> [Stored data]

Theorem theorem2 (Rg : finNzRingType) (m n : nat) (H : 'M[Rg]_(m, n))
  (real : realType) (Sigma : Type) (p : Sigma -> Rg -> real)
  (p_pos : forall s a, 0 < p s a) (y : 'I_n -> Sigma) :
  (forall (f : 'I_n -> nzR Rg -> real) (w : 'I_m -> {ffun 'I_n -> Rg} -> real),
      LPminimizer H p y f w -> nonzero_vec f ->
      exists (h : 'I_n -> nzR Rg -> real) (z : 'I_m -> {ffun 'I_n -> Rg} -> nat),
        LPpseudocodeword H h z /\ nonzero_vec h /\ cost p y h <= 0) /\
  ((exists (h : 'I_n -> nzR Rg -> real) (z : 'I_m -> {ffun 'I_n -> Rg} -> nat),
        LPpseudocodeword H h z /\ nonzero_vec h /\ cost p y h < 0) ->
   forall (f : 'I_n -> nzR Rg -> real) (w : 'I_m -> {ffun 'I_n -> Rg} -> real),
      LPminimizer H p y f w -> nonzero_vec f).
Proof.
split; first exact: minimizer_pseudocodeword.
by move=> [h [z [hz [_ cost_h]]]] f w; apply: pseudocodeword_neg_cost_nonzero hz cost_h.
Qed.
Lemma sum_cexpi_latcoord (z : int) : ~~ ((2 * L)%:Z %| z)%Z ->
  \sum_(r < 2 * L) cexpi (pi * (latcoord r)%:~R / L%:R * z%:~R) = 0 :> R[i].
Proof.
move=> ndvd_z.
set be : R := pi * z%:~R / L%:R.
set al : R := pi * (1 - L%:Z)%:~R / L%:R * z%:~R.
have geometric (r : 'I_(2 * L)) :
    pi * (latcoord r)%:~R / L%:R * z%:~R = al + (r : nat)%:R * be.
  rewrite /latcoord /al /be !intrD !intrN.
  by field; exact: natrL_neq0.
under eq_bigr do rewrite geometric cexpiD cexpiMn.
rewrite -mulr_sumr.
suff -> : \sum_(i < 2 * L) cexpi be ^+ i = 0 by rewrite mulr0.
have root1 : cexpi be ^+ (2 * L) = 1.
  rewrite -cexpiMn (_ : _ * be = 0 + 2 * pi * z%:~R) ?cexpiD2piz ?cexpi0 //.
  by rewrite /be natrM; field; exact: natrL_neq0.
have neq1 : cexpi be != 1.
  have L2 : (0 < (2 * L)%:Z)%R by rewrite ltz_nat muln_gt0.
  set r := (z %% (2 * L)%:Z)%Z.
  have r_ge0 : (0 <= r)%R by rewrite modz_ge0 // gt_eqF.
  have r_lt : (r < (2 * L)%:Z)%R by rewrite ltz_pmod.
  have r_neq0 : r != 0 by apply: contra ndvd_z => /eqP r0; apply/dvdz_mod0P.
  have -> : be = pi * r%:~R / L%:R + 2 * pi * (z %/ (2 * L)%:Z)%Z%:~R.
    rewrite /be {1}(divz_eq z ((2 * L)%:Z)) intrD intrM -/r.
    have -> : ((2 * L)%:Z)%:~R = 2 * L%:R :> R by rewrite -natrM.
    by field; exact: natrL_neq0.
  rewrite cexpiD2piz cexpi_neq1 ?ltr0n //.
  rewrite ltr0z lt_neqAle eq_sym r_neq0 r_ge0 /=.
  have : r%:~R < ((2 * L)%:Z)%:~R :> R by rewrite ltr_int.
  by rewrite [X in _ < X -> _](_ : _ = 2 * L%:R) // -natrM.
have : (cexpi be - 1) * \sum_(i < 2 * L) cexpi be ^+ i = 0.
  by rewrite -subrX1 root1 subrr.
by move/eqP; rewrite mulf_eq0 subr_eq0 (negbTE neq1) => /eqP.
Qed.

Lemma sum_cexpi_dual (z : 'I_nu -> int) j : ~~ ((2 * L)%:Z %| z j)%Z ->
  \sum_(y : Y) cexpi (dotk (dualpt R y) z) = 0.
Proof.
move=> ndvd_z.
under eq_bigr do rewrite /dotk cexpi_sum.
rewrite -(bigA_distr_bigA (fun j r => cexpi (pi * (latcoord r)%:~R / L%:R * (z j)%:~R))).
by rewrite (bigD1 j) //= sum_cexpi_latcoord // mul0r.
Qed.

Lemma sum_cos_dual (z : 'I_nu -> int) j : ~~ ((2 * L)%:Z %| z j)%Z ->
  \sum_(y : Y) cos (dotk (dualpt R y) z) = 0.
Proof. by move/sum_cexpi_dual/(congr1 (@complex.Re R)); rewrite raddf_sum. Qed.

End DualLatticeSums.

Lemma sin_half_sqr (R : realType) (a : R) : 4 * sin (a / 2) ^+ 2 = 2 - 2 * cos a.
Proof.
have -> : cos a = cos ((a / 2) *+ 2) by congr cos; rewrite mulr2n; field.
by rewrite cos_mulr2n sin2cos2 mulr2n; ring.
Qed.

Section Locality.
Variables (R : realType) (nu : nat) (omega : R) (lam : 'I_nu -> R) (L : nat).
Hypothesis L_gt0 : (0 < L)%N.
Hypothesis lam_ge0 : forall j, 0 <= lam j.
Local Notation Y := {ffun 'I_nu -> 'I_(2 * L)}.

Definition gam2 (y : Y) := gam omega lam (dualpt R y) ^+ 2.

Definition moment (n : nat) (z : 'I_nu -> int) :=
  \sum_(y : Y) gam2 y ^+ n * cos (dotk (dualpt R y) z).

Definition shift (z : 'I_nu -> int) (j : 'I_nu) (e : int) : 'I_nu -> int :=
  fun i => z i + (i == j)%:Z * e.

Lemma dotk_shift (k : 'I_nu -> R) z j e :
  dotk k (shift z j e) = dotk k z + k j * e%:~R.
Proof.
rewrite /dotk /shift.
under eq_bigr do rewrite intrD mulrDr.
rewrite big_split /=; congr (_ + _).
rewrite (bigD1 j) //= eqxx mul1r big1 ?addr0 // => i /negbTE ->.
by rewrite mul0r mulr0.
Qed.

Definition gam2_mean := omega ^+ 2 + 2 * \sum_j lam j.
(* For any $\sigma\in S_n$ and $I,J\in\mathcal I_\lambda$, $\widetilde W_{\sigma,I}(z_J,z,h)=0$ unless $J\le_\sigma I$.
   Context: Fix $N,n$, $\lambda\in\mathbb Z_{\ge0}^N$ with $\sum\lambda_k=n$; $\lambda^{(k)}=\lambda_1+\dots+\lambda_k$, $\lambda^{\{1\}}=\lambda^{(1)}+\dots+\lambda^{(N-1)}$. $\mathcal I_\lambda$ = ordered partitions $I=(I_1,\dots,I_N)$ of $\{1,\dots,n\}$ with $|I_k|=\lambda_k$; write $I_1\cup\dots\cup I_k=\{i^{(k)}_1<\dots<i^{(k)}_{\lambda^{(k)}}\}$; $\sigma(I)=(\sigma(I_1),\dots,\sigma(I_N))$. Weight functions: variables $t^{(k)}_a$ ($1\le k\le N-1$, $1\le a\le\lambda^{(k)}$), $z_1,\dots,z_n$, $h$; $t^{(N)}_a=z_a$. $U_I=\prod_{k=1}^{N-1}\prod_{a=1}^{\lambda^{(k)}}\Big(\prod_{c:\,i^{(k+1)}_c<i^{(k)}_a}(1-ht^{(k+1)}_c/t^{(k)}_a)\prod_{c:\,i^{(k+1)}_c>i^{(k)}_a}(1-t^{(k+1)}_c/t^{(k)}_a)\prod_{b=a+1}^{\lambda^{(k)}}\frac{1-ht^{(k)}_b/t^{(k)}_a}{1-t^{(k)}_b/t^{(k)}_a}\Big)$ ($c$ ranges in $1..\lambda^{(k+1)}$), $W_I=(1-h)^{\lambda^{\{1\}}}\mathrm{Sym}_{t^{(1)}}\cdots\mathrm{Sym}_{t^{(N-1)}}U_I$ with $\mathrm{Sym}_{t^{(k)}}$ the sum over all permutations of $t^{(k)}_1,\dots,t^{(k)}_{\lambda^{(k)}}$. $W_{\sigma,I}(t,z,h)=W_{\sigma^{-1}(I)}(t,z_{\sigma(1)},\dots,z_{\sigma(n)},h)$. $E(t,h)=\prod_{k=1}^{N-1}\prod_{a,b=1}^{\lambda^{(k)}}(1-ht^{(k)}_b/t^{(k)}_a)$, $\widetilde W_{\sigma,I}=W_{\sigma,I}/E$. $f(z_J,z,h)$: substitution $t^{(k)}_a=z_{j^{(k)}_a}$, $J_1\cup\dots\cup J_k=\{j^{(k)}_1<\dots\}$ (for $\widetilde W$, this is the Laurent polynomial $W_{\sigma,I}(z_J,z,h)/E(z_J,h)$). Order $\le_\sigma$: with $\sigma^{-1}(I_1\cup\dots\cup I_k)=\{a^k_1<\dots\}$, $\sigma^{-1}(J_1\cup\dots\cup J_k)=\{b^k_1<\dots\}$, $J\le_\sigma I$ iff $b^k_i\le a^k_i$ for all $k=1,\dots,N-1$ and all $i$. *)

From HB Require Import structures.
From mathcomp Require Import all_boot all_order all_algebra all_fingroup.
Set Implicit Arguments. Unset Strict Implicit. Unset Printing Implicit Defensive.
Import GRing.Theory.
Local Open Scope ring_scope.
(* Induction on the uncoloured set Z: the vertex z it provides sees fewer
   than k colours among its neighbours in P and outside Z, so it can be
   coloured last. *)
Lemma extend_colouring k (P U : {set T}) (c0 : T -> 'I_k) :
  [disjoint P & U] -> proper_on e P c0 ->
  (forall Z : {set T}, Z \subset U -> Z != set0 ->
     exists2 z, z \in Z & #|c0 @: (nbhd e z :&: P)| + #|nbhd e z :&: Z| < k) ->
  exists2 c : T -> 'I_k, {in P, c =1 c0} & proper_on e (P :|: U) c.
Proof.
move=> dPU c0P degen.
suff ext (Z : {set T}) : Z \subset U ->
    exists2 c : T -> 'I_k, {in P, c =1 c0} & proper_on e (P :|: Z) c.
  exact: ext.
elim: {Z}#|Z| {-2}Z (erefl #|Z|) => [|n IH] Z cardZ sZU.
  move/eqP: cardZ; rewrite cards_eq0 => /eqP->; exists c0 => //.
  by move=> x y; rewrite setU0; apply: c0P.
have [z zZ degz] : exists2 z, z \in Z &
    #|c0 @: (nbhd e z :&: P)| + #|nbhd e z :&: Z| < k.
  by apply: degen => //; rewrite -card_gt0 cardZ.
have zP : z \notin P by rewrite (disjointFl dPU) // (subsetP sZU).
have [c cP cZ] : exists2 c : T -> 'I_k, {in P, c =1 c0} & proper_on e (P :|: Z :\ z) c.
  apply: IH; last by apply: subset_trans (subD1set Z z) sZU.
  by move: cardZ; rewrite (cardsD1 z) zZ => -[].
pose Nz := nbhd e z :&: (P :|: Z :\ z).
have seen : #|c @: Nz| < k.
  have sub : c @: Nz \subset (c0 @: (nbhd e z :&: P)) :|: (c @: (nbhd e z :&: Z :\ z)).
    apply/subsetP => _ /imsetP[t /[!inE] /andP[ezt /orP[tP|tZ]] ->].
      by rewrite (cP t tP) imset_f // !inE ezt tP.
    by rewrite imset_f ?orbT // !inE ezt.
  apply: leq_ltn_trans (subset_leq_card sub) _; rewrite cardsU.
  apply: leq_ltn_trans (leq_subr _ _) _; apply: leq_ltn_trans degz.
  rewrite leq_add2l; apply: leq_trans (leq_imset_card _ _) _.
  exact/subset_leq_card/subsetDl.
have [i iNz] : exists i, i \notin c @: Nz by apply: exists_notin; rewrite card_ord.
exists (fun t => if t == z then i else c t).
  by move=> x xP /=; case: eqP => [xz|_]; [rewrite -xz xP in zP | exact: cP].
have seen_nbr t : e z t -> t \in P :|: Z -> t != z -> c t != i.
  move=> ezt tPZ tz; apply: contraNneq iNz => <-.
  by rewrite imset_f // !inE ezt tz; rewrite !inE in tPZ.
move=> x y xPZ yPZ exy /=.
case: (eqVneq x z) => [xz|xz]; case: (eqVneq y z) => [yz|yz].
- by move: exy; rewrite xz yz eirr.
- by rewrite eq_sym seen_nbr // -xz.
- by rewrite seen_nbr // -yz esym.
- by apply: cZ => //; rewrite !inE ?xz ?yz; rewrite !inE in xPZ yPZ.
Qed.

> [Task to carry out] Would you please reproduce the records above exactly, only from their first line through the line holding "LPminimizer H p y f w -> nonzero_vec f ->", with both ends included?

> [Written solution]
Theorem theorem2 (Rg : finNzRingType) (m n : nat) (H : 'M[Rg]_(m, n))
  (real : realType) (Sigma : Type) (p : Sigma -> Rg -> real)
  (p_pos : forall s a, 0 < p s a) (y : 'I_n -> Sigma) :
  (forall (f : 'I_n -> nzR Rg -> real) (w : 'I_m -> {ffun 'I_n -> Rg} -> real),
      LPminimizer H p y f w -> nonzero_vec f ->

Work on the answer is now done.